#### Activity:
Among the entries below, find every line that has "antisimplicialP" and pull it out.

[Data for analysis]

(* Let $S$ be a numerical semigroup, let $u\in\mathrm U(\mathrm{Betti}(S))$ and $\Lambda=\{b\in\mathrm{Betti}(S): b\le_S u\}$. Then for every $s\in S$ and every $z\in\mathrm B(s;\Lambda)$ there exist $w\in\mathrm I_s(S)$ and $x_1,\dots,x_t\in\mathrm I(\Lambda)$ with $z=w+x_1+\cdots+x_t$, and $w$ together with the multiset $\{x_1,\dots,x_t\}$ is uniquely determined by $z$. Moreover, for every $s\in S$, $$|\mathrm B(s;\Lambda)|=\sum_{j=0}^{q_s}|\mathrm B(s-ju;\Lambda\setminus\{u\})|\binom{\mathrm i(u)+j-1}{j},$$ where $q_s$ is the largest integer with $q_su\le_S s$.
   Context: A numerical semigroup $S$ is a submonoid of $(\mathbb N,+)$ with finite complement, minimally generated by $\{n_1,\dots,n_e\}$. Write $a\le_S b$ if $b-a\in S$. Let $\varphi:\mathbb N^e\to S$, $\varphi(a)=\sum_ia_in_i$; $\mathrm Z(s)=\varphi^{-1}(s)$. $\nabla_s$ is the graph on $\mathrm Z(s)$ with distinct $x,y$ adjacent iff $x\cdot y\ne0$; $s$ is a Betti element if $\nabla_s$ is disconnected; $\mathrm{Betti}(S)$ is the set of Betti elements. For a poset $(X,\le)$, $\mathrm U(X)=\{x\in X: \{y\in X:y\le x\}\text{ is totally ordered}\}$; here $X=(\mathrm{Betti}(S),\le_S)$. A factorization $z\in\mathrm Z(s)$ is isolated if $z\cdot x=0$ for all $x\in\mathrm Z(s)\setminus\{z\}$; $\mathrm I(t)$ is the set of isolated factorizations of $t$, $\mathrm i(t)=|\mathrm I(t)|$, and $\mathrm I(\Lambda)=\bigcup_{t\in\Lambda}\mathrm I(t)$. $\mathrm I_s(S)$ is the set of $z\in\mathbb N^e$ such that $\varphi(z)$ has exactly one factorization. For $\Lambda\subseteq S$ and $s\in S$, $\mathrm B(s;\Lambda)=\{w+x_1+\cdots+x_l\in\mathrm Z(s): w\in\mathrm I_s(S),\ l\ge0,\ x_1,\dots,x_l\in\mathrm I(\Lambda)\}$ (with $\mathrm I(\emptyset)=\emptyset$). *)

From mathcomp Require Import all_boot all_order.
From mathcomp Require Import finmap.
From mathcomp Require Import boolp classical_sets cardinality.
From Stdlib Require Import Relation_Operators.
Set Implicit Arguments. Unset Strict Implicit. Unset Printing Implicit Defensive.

[/Data for analysis]
[Data for analysis]

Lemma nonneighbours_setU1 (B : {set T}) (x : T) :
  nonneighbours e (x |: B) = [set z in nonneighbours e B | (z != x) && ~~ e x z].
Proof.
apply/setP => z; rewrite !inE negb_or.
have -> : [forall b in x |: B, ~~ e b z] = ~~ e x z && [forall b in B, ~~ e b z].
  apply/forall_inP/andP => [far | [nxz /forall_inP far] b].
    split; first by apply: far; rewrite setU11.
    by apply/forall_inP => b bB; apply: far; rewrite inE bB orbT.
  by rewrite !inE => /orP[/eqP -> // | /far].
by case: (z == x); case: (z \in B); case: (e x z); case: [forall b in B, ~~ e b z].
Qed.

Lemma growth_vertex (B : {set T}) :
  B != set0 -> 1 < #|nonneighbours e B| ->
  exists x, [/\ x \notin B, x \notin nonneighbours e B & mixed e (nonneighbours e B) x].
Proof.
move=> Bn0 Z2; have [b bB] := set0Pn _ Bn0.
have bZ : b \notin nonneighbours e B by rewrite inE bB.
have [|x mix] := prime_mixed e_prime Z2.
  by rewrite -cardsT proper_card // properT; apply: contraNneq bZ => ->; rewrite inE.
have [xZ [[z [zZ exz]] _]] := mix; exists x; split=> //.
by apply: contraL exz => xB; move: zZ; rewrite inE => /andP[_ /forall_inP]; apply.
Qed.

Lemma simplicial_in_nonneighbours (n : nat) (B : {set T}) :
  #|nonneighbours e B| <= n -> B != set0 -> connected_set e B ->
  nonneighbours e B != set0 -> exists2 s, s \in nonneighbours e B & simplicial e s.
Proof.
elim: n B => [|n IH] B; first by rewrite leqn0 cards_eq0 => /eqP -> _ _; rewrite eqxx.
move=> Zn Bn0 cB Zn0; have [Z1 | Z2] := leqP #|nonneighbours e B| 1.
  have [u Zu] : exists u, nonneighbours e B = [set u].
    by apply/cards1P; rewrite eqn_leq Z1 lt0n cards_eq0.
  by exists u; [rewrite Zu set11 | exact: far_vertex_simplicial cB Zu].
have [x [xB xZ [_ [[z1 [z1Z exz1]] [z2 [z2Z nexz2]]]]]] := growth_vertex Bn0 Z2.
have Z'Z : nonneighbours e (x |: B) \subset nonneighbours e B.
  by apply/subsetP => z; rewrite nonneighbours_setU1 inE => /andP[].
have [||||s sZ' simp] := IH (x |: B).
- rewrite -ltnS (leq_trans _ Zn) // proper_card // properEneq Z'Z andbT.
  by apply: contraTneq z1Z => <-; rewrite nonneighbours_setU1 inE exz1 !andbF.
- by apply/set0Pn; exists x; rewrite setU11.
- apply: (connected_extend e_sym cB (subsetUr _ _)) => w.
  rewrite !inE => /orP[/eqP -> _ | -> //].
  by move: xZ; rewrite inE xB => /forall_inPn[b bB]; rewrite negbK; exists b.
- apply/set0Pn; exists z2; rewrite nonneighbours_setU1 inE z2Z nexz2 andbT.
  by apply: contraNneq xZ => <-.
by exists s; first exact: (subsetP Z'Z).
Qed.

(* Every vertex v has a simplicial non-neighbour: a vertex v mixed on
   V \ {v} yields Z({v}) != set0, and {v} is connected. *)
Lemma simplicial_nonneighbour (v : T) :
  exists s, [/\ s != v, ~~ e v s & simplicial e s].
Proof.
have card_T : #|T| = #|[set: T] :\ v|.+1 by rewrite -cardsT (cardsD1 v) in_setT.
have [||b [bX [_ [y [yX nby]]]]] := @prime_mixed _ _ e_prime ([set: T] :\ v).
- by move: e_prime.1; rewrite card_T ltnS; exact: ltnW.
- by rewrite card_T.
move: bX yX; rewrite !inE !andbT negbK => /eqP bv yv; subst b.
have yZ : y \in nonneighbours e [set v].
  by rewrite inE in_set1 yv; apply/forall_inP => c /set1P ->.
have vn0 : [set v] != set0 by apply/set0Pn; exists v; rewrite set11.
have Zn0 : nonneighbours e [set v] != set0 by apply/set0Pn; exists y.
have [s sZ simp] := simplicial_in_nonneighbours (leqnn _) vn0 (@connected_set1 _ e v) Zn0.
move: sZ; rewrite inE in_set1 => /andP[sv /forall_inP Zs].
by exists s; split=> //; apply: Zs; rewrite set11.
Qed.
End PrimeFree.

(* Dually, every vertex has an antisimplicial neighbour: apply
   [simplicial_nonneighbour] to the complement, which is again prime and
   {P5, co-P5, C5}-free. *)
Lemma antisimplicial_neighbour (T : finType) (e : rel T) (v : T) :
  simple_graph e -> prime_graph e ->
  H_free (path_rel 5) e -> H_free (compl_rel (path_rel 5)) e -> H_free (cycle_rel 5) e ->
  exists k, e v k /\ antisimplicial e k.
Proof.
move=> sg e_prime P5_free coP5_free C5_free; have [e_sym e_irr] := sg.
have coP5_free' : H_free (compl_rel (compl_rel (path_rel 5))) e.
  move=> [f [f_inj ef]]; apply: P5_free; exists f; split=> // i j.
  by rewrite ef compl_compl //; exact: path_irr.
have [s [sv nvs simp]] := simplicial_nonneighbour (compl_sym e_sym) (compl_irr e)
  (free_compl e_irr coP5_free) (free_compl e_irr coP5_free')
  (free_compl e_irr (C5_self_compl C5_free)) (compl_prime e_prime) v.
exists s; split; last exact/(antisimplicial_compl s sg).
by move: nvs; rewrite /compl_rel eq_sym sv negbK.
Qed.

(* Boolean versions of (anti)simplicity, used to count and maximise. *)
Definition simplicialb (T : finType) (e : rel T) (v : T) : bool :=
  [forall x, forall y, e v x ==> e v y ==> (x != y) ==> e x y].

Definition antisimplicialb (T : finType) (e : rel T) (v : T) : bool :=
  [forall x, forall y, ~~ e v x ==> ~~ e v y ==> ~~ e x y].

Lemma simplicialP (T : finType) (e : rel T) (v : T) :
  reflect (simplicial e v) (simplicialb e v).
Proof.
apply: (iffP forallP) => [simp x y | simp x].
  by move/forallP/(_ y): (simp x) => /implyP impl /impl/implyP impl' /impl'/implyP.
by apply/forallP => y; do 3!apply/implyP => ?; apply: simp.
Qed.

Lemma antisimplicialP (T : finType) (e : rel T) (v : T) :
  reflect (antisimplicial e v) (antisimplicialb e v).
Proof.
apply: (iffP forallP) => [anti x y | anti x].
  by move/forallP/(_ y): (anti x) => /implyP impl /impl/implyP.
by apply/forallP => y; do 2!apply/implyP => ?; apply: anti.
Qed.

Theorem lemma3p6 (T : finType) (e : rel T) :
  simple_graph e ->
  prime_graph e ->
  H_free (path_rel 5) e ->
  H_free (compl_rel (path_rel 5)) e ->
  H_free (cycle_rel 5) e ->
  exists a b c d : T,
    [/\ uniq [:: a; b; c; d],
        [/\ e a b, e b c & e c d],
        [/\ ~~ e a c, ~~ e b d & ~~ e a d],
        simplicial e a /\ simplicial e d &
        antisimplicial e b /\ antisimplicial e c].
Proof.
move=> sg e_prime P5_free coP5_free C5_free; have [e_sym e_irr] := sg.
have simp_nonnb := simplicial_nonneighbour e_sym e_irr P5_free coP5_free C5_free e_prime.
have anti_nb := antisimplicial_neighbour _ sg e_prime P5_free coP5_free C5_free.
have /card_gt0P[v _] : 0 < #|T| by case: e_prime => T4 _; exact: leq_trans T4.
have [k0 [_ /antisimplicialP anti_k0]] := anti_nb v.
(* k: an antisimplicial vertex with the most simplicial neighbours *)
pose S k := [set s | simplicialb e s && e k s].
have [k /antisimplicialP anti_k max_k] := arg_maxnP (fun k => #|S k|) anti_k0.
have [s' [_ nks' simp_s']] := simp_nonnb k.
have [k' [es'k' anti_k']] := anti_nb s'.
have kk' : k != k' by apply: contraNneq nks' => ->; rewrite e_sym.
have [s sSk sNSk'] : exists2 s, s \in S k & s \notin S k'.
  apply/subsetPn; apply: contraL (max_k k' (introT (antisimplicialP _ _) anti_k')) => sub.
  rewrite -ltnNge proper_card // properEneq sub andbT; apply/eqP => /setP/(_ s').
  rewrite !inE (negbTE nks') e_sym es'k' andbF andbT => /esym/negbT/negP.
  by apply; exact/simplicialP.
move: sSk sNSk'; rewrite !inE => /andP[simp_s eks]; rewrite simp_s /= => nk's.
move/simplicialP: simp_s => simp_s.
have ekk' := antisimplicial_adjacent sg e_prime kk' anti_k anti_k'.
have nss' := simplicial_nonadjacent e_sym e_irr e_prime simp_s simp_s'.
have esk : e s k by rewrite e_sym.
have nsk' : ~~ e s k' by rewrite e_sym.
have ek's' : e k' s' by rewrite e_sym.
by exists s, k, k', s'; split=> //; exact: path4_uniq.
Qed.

[/Data for analysis]

#### Output for this task:
Lemma antisimplicialP (T : finType) (e : rel T) (v : T) :
have [k0 [_ /antisimplicialP anti_k0]] := anti_nb v.
have [k /antisimplicialP anti_k max_k] := arg_maxnP (fun k => #|S k|) anti_k0.
  apply/subsetPn; apply: contraL (max_k k' (introT (antisimplicialP _ _) anti_k')) => sub.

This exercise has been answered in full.